# Egypt Valley Muzzloader success...2017



## 9Left (Jun 23, 2012)

Hunted Egypt Valley over the Muzzloader Season... it was a lot of walking and scouting over some big open country, but it was worth it...


----------



## the_ghost (May 5, 2011)

That is a nice big mature doe! Congrats!


----------



## sherman51 (Apr 12, 2011)

congrats on filling your stink pipe tag.

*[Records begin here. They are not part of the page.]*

Lemma extremal_deviation (M s : R) : 0 < s < 1 -> 0 < 1 - s - M * s ->
  extremal M s <> 0%C /\
  (RtoC s * extremal_deriv M s / extremal M s - 1)%C = RtoC (- deviation_bound M s).
Proof.
  intros Hs Hadm.
  assert (Hval : extremal M s = RtoC (s * (1 - s - M * s) / (1 - s))).
  { unfold extremal. rewrite RtoC_div, !RtoC_mult, !RtoC_minus, RtoC_mult by lra.
    field. intro E. apply (f_equal Re) in E. simpl in E. lra. }
  assert (Hval0 : s * (1 - s - M * s) / (1 - s) <> 0)
    by (apply Rgt_not_eq, Rdiv_lt_0_compat; [apply Rmult_lt_0_compat|]; lra).
  split; [rewrite Hval; intro E; apply Hval0; injection E; auto|].
  rewrite Hval. unfold extremal_deriv, deviation_bound.
  rewrite RtoC_opp, !RtoC_div, !RtoC_mult, !RtoC_minus, !RtoC_mult by (try nra; lra).
  field. repeat split; intro E; apply (f_equal Re) in E; simpl in E; nra.
Qed.

Lemma Re_ge_1_sub_Cmod (w : C) : 1 - Cmod (w - 1)%C <= Re w.
Proof.
  pose proof (re_le_Cmod (w - 1)%C) as H.
  replace (Re (w - 1)%C) with (Re w - 1) in H by (destruct w; simpl; ring).
  pose proof (Rle_abs (- (Re w - 1))). rewrite Rabs_Ropp in *. lra.
Qed.

Lemma Re_of_sub_1_eq (w : C) (y : R) : (w - 1)%C = RtoC y -> Re w = 1 + y.
Proof. intros E. replace w with (RtoC y + 1)%C by (rewrite <- E; ring). simpl. ring. Qed.

Lemma RtoC_neq_0 (x : R) : x <> 0 -> RtoC x <> 0%C.
Proof. intros Hx E. apply Hx. injection E. auto. Qed.

Lemma is_lub_greatest (E : R -> Prop) (x : R) : E x -> (forall y, E y -> y <= x) -> is_lub E x.
Proof. intros Hx Hub. split; [exact Hub|]. intros b Hb. exact (Hb x Hx). Qed.

(* [deviation_bound M s <= 1 - alpha] iff [starlike_margin M alpha s >= 0]; the equation
   [r0_eq] says that [r0] is a root of this quadratic. *)
Definition starlike_margin (M al s : R) : R := (1 - al) * (1 - s) * (1 - s - M * s) - M * s.

Lemma r0_eq_margin (M al r : R) : r0_eq M al r -> starlike_margin M al r = 0.
Proof. unfold r0_eq, starlike_margin. intros H. simpl in H. nra. Qed.

Lemma deviation_bound_margin (M al s : R) : s < 1 -> 0 < 1 - s - M * s ->
  1 - al - deviation_bound M s = starlike_margin M al s / ((1 - s) * (1 - s - M * s)).
Proof. intros. unfold deviation_bound, starlike_margin. field. lra. Qed.

Section Root.

Variables M al r0 : R.
Hypothesis HM : 0 < M.
Hypothesis Hal : 0 <= al < 1.
Hypothesis Hr0 : 0 < r0 < 1.
Hypothesis Hroot : r0_eq M al r0.

Lemma root_admissible : 0 < 1 - r0 - M * r0.
Proof.
  pose proof (r0_eq_margin M al r0 Hroot) as H. unfold starlike_margin in H.
  destruct (Rle_lt_dec (1 - r0 - M * r0) 0) as [Hn|Hp]; [|exact Hp].
  assert (0 <= (1 - al) * (1 - r0)) by nra. nra.
Qed.

Lemma admissible_below_root (s : R) : 0 <= s <= r0 -> 0 < 1 - s - M * s.
Proof. pose proof root_admissible. nra. Qed.

(* The margin is a quadratic in [s] with value [-M] at [s = 1]; factoring out its root
   [r0] leaves a factor that is positive on [s < 1]. *)
Lemma deviation_bound_sign (s : R) : 0 <= s < 1 -> 0 < 1 - s - M * s ->
  exists c, 0 < c /\ 1 - al - deviation_bound M s = c * (r0 - s).
Proof.
  intros Hs Hadm.
  pose proof (r0_eq_margin M al r0 Hroot) as H0.
  exists ((M + (1 - al) * (1 + M) * (1 - r0) * (1 - s))
          / ((1 - r0) * ((1 - s) * (1 - s - M * s)))).
  split.
  - apply Rdiv_lt_0_compat.
    + assert (0 <= (1 - al) * (1 + M) * (1 - r0) * (1 - s))
        by (repeat apply Rmult_le_pos; lra). lra.
    + repeat apply Rmult_lt_0_compat; lra.
  - assert (Hfac : (1 - r0) * starlike_margin M al s
                    = (1 - s) * starlike_margin M al r0
                      + (r0 - s) * (M + (1 - al) * (1 + M) * (1 - r0) * (1 - s)))
      by (unfold starlike_margin; ring).
    rewrite H0, Rmult_0_r, Rplus_0_l in Hfac.
    rewrite deviation_bound_margin by lra.
    replace (starlike_margin M al s)
      with ((r0 - s) * (M + (1 - al) * (1 + M) * (1 - r0) * (1 - s)) / (1 - r0))
      by (rewrite <- Hfac; field; lra).
    field. repeat split; lra.
Qed.

Lemma classF_deviation_le_root (f : C -> C) : classF M f ->
  forall z : C, z <> 0%C -> Cmod z <= r0 ->
    f z <> 0%C /\ (forall d, is_derive f z d -> Cmod (z * d / f z - 1)%C <= 1 - al).
Proof.
  intros Hf z Hz0 Hzr. pose proof (Cmod_ge_0 z) as Hz.
  pose proof (admissible_below_root (Cmod z) (conj Hz Hzr)) as Hadm.
  destruct (classF_deviation_le M f z Hf Hz0 ltac:(lra) Hadm) as [Hfz Hdev].
  split; [exact Hfz|]. intros d Hd.
  destruct (deviation_bound_sign (Cmod z) ltac:(lra) Hadm) as [c [Hc E]].
  specialize (Hdev d Hd). nra.
Qed.

Lemma classF_deviation_lt_root (f : C -> C) (z d : C) : classF M f -> z <> 0%C ->
  Cmod z < r0 -> is_derive f z d -> Cmod (z * d / f z - 1)%C < 1 - al.
Proof.
  intros Hf Hz0 Hzr Hd. pose proof (Cmod_ge_0 z) as Hz.
  pose proof (admissible_below_root (Cmod z) ltac:(lra)) as Hadm.
  destruct (classF_deviation_le M f z Hf Hz0 ltac:(lra) Hadm) as [_ Hdev].
  destruct (deviation_bound_sign (Cmod z) ltac:(lra) Hadm) as [c [Hc E]].
  specialize (Hdev d Hd). nra.
Qed.

Lemma exists_between_root (r : R) : r0 < r ->
  exists s, r0 < s < r /\ s < 1 /\ 0 < 1 - s - M * s.
Proof.
  intros Hr. pose proof root_admissible.
  set (t := Rmin (r - r0) (/ (1 + M) - r0)).
  assert (Hcr : r0 < / (1 + M)).
  { apply (Rmult_lt_reg_l (1 + M)); [lra|]. rewrite Rinv_r; lra. }
  assert (Ht : 0 < t) by (apply Rmin_pos; lra).
  assert (Ht1 : t <= r - r0) by apply Rmin_l.
  assert (Ht2 : (1 + M) * (r0 + t / 2) < 1).
  { assert (t <= / (1 + M) - r0) by apply Rmin_r.
    replace 1 with ((1 + M) * / (1 + M)) at 2 by (field; lra).
    apply Rmult_lt_compat_l; lra. }
  exists (r0 + t / 2). repeat split; nra.
Qed.

Lemma extremal_beyond_root (r : R) : r0 < r ->
  exists s g, r0 < s < r /\ s < 1 /\ 1 - al < g /\ extremal M (RtoC s) <> 0%C /\
    is_derive (extremal M) (RtoC s) (extremal_deriv M s) /\
    (RtoC s * extremal_deriv M s / extremal M s - 1)%C = RtoC (- g).
Proof.
  intros Hr. destruct (exists_between_root r Hr) as [s [Hs [Hs1 Hadm]]].
  destruct (extremal_deviation M s ltac:(lra) Hadm) as [Hf0 E].
  destruct (deviation_bound_sign s ltac:(lra) Hadm) as [c [Hc Ec]].
  exists s, (deviation_bound M s).
  do 3 (split; [nra|]). split; [exact Hf0|]. split; [|exact E].
  apply is_derive_extremal. intro E1. injection E1. lra.
Qed.

Lemma extremal_sharp_root (r : R) : r0 < r ->
  exists f (z d : C), classF M f /\ z <> 0%C /\ Cmod z <= r /\ Cmod z < 1 /\
    f z <> 0%C /\ is_derive f z d /\ 1 - al < Cmod ((z * d / f z) - 1)%C.
Proof.
  intros Hr. destruct (extremal_beyond_root r Hr) as [s [g [Hs [Hs1 [Hg [Hf0 [Hd E]]]]]]].
  exists (extremal M), (RtoC s), (extremal_deriv M s).
  assert (Hmod : Cmod (RtoC s) = s) by (rewrite Cmod_R, Rabs_pos_eq; lra).
  assert (Hdev : Cmod (RtoC (- g)) = g) by (rewrite Cmod_R, Rabs_Ropp, Rabs_pos_eq; lra).
  rewrite E, Hdev, Hmod.
  split; [apply extremal_classF; lra|]. split; [apply RtoC_neq_0; lra|].
  do 2 (split; [lra|]). split; [exact Hf0|]. split; [exact Hd | lra].
Qed.

Lemma radius_starlike_root : radius_starlike M al r0.
Proof.
  apply is_lub_greatest.
  - split; [lra|]. intros f Hf z Hz0 Hzr.
    destruct (classF_deviation_le_root f Hf z Hz0 ltac:(lra)) as [Hfz _].
    split; [exact Hfz|]. intros d Hd.
    pose proof (classF_deviation_lt_root f z d Hf Hz0 Hzr Hd).
    pose proof (Re_ge_1_sub_Cmod (z * d / f z)%C). lra.
  - intros r [Hr Hst]. destruct (Rle_lt_dec r r0) as [|Hlt]; [assumption|exfalso].
    destruct (extremal_beyond_root r Hlt) as [s [g [Hs [Hs1 [Hg [Hf0 [Hd E]]]]]]].
    destruct (Hst _ (extremal_classF M ltac:(lra)) (RtoC s) (RtoC_neq_0 s ltac:(lra))
                ltac:(rewrite Cmod_R, Rabs_pos_eq; lra)) as [_ Hre].
    specialize (Hre _ Hd). rewrite (Re_of_sub_1_eq _ _ E) in Hre. lra.
Qed.

End Root.

Lemma radius_parabolic_root (M r : R) : 0 < M -> 0 < r < 1 -> r0_eq M (1 / 2) r ->
  radius_parabolic M r.
Proof.
  intros HM Hr Hroot. assert (Hal : 0 <= 1 / 2 < 1) by lra.
  apply is_lub_greatest.
  - split; [lra|]. intros f Hf z Hz0 Hzr d Hd.
    pose proof (classF_deviation_lt_root M (1 / 2) r HM Hal Hr Hroot f z d Hf Hz0 Hzr Hd).
    pose proof (Re_ge_1_sub_Cmod (z * d / f z)%C). lra.
  - intros r' [Hr' Hpar]. destruct (Rle_lt_dec r' r) as [|Hlt]; [assumption|exfalso].
    destruct (extremal_beyond_root M (1 / 2) r HM Hal Hr Hroot r' Hlt)
      as [s [g [Hs [Hs1 [Hg [Hf0 [Hd E]]]]]]].
    specialize (Hpar _ (extremal_classF M ltac:(lra)) (RtoC s) (RtoC_neq_0 s ltac:(lra))
                  ltac:(rewrite Cmod_R, Rabs_pos_eq; lra) _ Hd).
    rewrite (Re_of_sub_1_eq _ _ E), E, Cmod_R, Rabs_Ropp, Rabs_pos_eq in Hpar; lra.
Qed.

Theorem corollary2p6 (M alpha r0 r12 : R) :
  0 < M -> 0 <= alpha < 1 ->
  0 < r0 < 1 -> r0_eq M alpha r0 ->
  0 < r12 < 1 -> r0_eq M (1 / 2) r12 ->
  ((forall f, classF M f ->
     forall z : C, z <> 0%C -> Cmod z <= r0 ->
       f z <> 0%C /\
       (forall d : C, is_derive f z d -> Cmod ((z * d / f z) - 1)%C <= 1 - alpha)) /\
   (forall r, r0 < r ->
     exists f (z d : C), classF M f /\ z <> 0%C /\ Cmod z <= r /\ Cmod z < 1 /\
       f z <> 0%C /\ is_derive f z d /\ 1 - alpha < Cmod ((z * d / f z) - 1)%C)) /\
  radius_starlike M alpha r0 /\
  radius_parabolic M r12.
Proof.
  intros HM Hal Hr0 Hroot Hr12 Hroot12.
  split; [split|split].
  - exact (classF_deviation_le_root M alpha r0 HM Hal Hr0 Hroot).
  - exact (extremal_sharp_root M alpha r0 HM Hal Hr0 Hroot).
  - exact (radius_starlike_root M alpha r0 HM Hal Hr0 Hroot).
  - exact (radius_parabolic_root M r12 HM Hr12 Hroot12).
Qed.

I love hunting our ml season.
sherman


----------



## chris1162 (Mar 12, 2008)

Awesome job carl!


----------



## hopin to cash (Sep 14, 2010)

That area is vast nice job.


----------



## SMBHooker (Jan 3, 2008)

Freezer full..... Mission accomplished.


----------



## 9Left (Jun 23, 2012)

thanks fellas!


----------



## ML1187 (Mar 13, 2012)

Love that pic Carl- can't beat a TC!
Congrats


----------



## SongDogBuster (Jan 17, 2010)

Had a great ending to another great Ohio Deer Hunting season


----------



## 9Left (Jun 23, 2012)

sooooo.... you shot those at Egypt Valley?


----------



## SMBHooker (Jan 3, 2008)

I had never heard of Egypt Valley 9Left.


----------



## 9Left (Jun 23, 2012)

check it out SMB.... Egypt Valley Wildlife Area ... 14,000+ acres of biiig open country dotted with thickets, valleys, peaks, plateaus, creeks, ponds...


----------